From the data below, restate every line word for word.

**Source information**:
----

Lemma clique_number_phi : clique_number (phi_adj e I) I = #|nbh @: I|.
Proof.
apply/eqP; rewrite eqn_leq; apply/andP; split.
  apply/bigmax_leqP => A /andP[AI /is_cliqueP Acl].
  have nbh_inj : {in A &, injective nbh}.
    move=> u v uA vA; apply: contra_eq => uv.
    by rewrite -phi_adjE ?(subsetP AI) //; apply: Acl.
  by rewrite -(card_in_imset nbh_inj) subset_leq_card ?imsetS.
have [B [BI nbh_inj <-]] := exists_injective_subset nbh I.
apply: leq_bigmax_cond; rewrite BI /=; apply/is_cliqueP => u v uB vB uv.
by rewrite phi_adjE ?(subsetP BI) //; apply: contra_neq uv; apply: nbh_inj.
Qed.

Lemma card_phi_arcs : #|I| * (#|K| - 1) <= #|phi_arcs|.
Proof.
have arcs_from u : u \in I -> #|K| - 1 <= #|[set v | phi_adj e I u v]|.
  move=> uI; rewrite -card_nbh_values (cardsD1 (nbh u)) imset_f // add1n subn1 /=.
  apply: leq_trans (leq_imset_card nbh _); apply/subset_leq_card/subsetP.
  move=> N /setD1P[nNu /imsetP[v vI NE]]; rewrite NE in nNu *.
  by apply: imset_f; rewrite inE phi_adjE // eq_sym.
have -> : #|phi_arcs| = \sum_u #|[set v | phi_adj e I u v]|.
  rewrite -sum1dep_card (eq_bigl (fun p => xpredT p.1 && phi_adj e I p.1 p.2)) //.
  rewrite -(pair_big_dep xpredT (phi_adj e I) (fun _ _ => 1)).
  by apply: eq_bigr => u _; rewrite sum1dep_card.
rewrite -sum_nat_const big_mkcond /=; apply: leq_sum => u _.
by case: ifP => // uI; apply: arcs_from.
Qed.

End SplitGraph.

Theorem corollary5p3 (T : finType) (e : rel T) (K I : {set T}) :
  simple_graph e ->
  split_bipartition e K I ->
  active_graph e ->
  phi_simple e I ->
  phi_connected e I ->
  [/\ #|K| <= #|I|,
      clique_number e [set: T] = clique_number (phi_adj e I) I,
      (phi_complete e I -> degS e = 'C(#|I|, 2)) &
      (~ phi_complete e I ->
         uphalf (#|I| * (#|K| - 1)) <= degS e < 'C(#|I|, 2))].
Proof.
move=> [e_sym _] KI active simple connected.
have card_K := card_nbh_values e_sym KI simple connected active.
have deg_E := card_P4_pair_set e_sym KI simple.
split.
- by rewrite -card_K leq_imset_card.
- rewrite (clique_number_split e_sym KI active).
  by rewrite (clique_number_phi e_sym KI simple connected) card_K.
- by move=> complete; rewrite deg_E card_pair_set_arcs_complete.
move=> incomplete; rewrite deg_E card_pair_set_arcs_lt // andbT leq_uphalf_double.
rewrite -muln2 [_ * 2]mulnC.
exact: leq_trans (card_phi_arcs e_sym KI simple connected active) (card_le_double_pair_set _).
Qed.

----

**The answer**:
Lemma clique_number_phi : clique_number (phi_adj e I) I = #|nbh @: I|.
Proof.
apply/eqP; rewrite eqn_leq; apply/andP; split.
  apply/bigmax_leqP => A /andP[AI /is_cliqueP Acl].
  have nbh_inj : {in A &, injective nbh}.
    move=> u v uA vA; apply: contra_eq => uv.
    by rewrite -phi_adjE ?(subsetP AI) //; apply: Acl.
  by rewrite -(card_in_imset nbh_inj) subset_leq_card ?imsetS.
have [B [BI nbh_inj <-]] := exists_injective_subset nbh I.
apply: leq_bigmax_cond; rewrite BI /=; apply/is_cliqueP => u v uB vB uv.
by rewrite phi_adjE ?(subsetP BI) //; apply: contra_neq uv; apply: nbh_inj.
Qed.

Lemma card_phi_arcs : #|I| * (#|K| - 1) <= #|phi_arcs|.
Proof.
have arcs_from u : u \in I -> #|K| - 1 <= #|[set v | phi_adj e I u v]|.
  move=> uI; rewrite -card_nbh_values (cardsD1 (nbh u)) imset_f // add1n subn1 /=.
  apply: leq_trans (leq_imset_card nbh _); apply/subset_leq_card/subsetP.
  move=> N /setD1P[nNu /imsetP[v vI NE]]; rewrite NE in nNu *.
  by apply: imset_f; rewrite inE phi_adjE // eq_sym.
have -> : #|phi_arcs| = \sum_u #|[set v | phi_adj e I u v]|.
  rewrite -sum1dep_card (eq_bigl (fun p => xpredT p.1 && phi_adj e I p.1 p.2)) //.
  rewrite -(pair_big_dep xpredT (phi_adj e I) (fun _ _ => 1)).
  by apply: eq_bigr => u _; rewrite sum1dep_card.
rewrite -sum_nat_const big_mkcond /=; apply: leq_sum => u _.
by case: ifP => // uI; apply: arcs_from.
Qed.

End SplitGraph.

Theorem corollary5p3 (T : finType) (e : rel T) (K I : {set T}) :
  simple_graph e ->
  split_bipartition e K I ->
  active_graph e ->
  phi_simple e I ->
  phi_connected e I ->
  [/\ #|K| <= #|I|,
      clique_number e [set: T] = clique_number (phi_adj e I) I,
      (phi_complete e I -> degS e = 'C(#|I|, 2)) &
      (~ phi_complete e I ->
         uphalf (#|I| * (#|K| - 1)) <= degS e < 'C(#|I|, 2))].
Proof.
move=> [e_sym _] KI active simple connected.
have card_K := card_nbh_values e_sym KI simple connected active.
have deg_E := card_P4_pair_set e_sym KI simple.
split.
- by rewrite -card_K leq_imset_card.
- rewrite (clique_number_split e_sym KI active).
  by rewrite (clique_number_phi e_sym KI simple connected) card_K.
- by move=> complete; rewrite deg_E card_pair_set_arcs_complete.
move=> incomplete; rewrite deg_E card_pair_set_arcs_lt // andbT leq_uphalf_double.
rewrite -muln2 [_ * 2]mulnC.
exact: leq_trans (card_phi_arcs e_sym KI simple connected active) (card_le_double_pair_set _).
Qed.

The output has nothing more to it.